- TASK BRIEF: Treat the line containing "have h_on : off_node" as the last one, and return every line exactly from the first line of the material below up to it.

SOURCE DATA section start

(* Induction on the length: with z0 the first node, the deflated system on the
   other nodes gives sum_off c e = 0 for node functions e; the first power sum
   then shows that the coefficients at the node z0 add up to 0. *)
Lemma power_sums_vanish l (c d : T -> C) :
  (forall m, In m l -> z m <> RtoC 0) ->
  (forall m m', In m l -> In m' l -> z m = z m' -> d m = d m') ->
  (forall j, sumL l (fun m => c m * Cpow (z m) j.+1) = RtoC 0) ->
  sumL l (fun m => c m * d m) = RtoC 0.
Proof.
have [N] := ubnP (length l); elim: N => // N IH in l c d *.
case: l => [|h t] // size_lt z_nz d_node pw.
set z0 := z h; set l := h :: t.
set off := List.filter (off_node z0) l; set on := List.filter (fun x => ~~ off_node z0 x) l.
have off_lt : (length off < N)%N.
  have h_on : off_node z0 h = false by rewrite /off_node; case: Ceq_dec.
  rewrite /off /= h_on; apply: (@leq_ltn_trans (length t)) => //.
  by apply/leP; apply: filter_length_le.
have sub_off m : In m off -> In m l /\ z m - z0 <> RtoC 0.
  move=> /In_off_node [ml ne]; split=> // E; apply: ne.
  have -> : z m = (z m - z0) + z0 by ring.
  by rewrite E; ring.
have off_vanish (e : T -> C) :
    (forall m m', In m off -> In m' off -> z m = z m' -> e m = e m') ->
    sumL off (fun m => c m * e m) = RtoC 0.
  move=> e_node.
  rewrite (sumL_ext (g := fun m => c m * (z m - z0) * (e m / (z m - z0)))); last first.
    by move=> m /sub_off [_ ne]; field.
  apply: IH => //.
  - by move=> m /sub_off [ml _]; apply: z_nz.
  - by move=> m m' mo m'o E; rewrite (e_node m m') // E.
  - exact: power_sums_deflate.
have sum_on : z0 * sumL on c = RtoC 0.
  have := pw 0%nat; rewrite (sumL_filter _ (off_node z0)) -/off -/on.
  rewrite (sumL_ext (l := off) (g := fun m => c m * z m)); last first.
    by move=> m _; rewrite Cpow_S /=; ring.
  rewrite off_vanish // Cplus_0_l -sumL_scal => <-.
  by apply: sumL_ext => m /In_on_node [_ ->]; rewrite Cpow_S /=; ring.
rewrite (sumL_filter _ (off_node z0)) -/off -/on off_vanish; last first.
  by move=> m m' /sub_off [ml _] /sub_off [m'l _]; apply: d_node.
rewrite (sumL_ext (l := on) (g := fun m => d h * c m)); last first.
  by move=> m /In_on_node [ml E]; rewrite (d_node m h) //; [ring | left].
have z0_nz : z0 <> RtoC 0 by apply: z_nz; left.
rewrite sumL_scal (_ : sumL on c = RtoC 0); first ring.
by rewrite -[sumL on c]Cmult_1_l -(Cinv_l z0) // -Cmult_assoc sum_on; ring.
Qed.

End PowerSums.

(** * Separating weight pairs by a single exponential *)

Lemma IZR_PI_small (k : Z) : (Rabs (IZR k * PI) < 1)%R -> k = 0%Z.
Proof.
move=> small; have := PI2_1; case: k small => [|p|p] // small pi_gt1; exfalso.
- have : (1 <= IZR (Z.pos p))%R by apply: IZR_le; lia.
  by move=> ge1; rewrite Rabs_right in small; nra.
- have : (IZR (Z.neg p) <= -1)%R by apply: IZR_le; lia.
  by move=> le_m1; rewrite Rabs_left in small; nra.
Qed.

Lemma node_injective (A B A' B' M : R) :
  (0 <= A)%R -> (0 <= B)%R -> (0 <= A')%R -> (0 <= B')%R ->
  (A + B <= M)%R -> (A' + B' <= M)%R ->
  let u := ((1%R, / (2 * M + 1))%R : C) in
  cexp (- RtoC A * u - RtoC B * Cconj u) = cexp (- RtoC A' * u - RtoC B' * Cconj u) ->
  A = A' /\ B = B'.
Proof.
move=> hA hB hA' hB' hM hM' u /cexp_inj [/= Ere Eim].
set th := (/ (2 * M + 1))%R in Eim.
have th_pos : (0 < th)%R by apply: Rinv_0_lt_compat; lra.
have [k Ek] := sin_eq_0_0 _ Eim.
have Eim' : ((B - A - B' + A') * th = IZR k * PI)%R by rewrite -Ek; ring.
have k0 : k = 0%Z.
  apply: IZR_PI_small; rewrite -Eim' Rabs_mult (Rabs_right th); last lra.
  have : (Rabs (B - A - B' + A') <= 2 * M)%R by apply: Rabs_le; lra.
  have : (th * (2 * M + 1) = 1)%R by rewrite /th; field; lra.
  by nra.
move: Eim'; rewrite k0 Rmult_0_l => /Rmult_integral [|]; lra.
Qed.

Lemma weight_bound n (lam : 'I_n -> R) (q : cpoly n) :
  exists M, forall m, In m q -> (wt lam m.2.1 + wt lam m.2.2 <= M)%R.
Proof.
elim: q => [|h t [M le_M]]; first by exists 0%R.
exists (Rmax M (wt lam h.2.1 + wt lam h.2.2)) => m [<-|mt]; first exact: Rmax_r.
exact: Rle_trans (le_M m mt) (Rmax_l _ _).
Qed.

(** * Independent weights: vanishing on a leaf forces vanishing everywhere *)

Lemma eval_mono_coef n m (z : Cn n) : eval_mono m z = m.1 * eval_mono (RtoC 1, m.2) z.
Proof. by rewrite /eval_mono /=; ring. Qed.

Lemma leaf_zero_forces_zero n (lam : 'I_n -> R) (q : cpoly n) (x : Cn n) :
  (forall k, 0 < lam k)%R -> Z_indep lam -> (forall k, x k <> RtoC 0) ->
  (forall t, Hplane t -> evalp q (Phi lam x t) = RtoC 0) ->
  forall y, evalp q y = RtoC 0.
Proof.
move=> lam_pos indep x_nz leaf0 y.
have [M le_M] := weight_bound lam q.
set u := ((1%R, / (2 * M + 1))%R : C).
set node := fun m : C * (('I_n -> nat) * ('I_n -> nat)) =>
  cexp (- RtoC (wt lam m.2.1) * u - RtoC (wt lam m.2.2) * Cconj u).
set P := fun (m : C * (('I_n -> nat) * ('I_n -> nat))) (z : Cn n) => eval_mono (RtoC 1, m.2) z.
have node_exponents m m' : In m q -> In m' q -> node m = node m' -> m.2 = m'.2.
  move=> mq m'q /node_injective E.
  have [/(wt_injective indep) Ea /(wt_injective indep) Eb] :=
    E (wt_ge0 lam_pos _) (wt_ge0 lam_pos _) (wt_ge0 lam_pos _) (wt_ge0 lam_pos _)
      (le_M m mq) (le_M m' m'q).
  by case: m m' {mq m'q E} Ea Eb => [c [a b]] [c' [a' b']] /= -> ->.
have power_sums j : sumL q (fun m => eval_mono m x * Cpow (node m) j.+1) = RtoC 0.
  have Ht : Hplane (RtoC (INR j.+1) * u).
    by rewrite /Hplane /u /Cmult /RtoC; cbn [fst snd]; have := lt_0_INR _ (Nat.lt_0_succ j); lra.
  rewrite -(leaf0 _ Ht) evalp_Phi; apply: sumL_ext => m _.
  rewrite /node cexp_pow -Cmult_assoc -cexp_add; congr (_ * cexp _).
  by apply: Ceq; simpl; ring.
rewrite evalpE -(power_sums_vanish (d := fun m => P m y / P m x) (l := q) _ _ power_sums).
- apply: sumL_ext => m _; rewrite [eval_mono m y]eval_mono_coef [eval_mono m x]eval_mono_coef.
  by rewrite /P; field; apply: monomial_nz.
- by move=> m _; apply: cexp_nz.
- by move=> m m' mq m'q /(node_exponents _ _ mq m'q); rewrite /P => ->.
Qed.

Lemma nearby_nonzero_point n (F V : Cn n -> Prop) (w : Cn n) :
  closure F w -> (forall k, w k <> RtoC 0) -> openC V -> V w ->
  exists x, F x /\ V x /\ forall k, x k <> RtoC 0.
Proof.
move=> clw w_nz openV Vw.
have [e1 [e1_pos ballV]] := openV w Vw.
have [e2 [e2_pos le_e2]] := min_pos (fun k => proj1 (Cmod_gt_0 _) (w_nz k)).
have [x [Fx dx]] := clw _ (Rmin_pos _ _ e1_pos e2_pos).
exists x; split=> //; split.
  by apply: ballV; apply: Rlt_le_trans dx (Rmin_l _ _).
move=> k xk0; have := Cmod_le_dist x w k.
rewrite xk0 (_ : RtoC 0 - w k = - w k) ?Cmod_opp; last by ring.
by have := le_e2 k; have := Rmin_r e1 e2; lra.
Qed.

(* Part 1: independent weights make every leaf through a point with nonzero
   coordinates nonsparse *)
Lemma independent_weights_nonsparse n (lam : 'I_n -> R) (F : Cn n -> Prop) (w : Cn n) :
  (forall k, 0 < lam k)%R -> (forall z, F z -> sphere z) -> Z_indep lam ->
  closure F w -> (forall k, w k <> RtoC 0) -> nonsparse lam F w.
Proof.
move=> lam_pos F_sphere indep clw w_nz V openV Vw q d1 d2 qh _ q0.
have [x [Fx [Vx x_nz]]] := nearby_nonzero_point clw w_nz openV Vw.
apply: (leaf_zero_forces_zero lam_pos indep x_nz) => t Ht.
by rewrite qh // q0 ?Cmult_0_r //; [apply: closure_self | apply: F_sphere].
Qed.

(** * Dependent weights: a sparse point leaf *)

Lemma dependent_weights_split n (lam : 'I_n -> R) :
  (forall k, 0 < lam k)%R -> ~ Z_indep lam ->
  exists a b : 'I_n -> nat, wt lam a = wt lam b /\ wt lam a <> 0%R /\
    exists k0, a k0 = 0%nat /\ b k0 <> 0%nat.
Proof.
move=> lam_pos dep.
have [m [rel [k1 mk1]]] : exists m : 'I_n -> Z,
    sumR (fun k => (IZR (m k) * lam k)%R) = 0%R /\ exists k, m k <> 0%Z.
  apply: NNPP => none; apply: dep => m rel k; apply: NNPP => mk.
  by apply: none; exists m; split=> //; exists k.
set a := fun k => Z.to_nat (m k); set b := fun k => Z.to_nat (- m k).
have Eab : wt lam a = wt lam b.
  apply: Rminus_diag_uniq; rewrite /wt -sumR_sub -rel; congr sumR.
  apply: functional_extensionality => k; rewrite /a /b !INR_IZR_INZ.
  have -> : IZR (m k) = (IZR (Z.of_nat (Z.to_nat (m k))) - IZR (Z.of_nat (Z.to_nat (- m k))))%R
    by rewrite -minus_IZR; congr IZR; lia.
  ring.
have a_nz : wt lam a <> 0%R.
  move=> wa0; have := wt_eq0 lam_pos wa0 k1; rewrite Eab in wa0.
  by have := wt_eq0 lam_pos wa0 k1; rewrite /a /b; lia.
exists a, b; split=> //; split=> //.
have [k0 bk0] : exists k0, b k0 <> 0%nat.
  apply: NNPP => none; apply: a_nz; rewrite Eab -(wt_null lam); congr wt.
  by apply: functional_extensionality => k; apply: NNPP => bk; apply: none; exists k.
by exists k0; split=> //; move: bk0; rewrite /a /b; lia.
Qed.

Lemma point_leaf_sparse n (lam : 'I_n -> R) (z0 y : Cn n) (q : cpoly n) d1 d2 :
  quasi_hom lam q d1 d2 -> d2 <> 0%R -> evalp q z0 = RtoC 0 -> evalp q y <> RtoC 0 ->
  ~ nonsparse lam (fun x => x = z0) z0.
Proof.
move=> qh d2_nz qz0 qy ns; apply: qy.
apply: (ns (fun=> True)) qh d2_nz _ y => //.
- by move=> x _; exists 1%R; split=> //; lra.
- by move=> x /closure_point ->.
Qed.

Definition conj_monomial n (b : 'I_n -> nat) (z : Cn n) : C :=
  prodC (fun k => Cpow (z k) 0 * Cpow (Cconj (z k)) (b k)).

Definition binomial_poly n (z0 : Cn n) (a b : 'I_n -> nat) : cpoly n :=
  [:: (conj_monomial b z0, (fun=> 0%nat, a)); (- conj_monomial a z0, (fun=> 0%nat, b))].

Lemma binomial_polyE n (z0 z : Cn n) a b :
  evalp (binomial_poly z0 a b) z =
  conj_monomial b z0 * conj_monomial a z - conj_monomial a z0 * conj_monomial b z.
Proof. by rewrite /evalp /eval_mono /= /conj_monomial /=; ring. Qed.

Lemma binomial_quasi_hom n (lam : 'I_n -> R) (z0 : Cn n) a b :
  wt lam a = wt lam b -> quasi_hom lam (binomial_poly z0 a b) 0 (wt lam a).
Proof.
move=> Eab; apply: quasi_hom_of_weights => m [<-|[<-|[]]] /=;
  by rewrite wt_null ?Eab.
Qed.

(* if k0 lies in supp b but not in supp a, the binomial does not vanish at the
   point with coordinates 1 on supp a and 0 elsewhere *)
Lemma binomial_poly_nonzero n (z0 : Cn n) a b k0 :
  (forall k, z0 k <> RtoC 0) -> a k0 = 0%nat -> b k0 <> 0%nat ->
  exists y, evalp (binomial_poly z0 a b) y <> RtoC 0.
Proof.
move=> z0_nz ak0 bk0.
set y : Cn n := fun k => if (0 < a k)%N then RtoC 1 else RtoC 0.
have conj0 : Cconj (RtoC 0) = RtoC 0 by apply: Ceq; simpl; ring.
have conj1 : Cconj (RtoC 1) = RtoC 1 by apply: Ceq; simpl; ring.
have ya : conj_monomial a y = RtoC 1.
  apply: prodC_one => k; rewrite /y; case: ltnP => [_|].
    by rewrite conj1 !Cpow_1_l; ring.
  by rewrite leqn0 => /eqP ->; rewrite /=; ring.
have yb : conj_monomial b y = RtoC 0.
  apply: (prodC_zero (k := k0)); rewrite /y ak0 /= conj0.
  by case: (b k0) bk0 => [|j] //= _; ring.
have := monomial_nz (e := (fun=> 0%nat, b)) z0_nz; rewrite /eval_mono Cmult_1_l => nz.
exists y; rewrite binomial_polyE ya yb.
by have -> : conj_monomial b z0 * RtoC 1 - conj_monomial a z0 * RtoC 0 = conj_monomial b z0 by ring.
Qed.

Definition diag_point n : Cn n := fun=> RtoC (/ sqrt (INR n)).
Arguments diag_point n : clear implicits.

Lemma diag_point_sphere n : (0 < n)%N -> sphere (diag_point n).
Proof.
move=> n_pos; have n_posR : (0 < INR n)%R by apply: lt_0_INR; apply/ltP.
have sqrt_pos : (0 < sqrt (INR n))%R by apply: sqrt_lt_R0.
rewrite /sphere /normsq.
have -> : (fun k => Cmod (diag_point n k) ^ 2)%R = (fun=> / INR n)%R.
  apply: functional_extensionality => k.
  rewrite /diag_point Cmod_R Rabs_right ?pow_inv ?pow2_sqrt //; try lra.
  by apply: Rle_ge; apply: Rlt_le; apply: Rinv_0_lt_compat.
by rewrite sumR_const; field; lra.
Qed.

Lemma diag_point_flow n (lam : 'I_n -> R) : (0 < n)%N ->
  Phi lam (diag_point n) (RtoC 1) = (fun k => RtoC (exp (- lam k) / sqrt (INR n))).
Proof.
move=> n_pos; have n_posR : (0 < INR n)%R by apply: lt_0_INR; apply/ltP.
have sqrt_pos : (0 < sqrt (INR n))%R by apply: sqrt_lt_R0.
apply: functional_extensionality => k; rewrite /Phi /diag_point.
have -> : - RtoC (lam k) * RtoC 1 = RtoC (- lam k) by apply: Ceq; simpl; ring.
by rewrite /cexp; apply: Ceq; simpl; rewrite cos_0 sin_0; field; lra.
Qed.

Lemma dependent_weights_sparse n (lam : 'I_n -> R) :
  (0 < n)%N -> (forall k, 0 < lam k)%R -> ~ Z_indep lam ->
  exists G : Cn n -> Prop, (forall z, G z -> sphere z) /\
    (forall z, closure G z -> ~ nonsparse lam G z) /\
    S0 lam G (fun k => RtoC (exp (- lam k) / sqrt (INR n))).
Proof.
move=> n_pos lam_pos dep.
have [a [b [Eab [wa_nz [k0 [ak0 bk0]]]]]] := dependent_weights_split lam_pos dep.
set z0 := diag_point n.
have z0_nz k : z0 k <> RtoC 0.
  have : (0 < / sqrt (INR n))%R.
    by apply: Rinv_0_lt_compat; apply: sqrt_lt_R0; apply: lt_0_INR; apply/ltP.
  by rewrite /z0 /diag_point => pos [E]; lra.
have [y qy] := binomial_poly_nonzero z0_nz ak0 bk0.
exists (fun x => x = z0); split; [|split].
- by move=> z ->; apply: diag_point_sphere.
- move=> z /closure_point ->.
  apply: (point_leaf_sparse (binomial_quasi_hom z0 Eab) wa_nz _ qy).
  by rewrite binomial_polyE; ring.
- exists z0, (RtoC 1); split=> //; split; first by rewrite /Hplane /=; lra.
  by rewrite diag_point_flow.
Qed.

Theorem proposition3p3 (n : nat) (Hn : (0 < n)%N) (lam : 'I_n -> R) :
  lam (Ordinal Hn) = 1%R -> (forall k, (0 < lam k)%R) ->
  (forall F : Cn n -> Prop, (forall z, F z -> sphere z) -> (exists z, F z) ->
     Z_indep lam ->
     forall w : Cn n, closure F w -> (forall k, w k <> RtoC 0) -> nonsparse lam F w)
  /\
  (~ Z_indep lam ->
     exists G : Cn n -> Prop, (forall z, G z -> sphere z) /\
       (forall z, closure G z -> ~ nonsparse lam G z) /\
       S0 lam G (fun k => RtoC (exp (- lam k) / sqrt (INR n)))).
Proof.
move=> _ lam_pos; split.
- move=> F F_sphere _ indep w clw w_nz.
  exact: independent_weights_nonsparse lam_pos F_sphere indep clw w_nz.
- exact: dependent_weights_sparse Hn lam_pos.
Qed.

SOURCE DATA section end

- EXERCISE SOLUTION:
(* Induction on the length: with z0 the first node, the deflated system on the
   other nodes gives sum_off c e = 0 for node functions e; the first power sum
   then shows that the coefficients at the node z0 add up to 0. *)
Lemma power_sums_vanish l (c d : T -> C) :
  (forall m, In m l -> z m <> RtoC 0) ->
  (forall m m', In m l -> In m' l -> z m = z m' -> d m = d m') ->
  (forall j, sumL l (fun m => c m * Cpow (z m) j.+1) = RtoC 0) ->
  sumL l (fun m => c m * d m) = RtoC 0.
Proof.
have [N] := ubnP (length l); elim: N => // N IH in l c d *.
case: l => [|h t] // size_lt z_nz d_node pw.
set z0 := z h; set l := h :: t.
set off := List.filter (off_node z0) l; set on := List.filter (fun x => ~~ off_node z0 x) l.
have off_lt : (length off < N)%N.
  have h_on : off_node z0 h = false by rewrite /off_node; case: Ceq_dec.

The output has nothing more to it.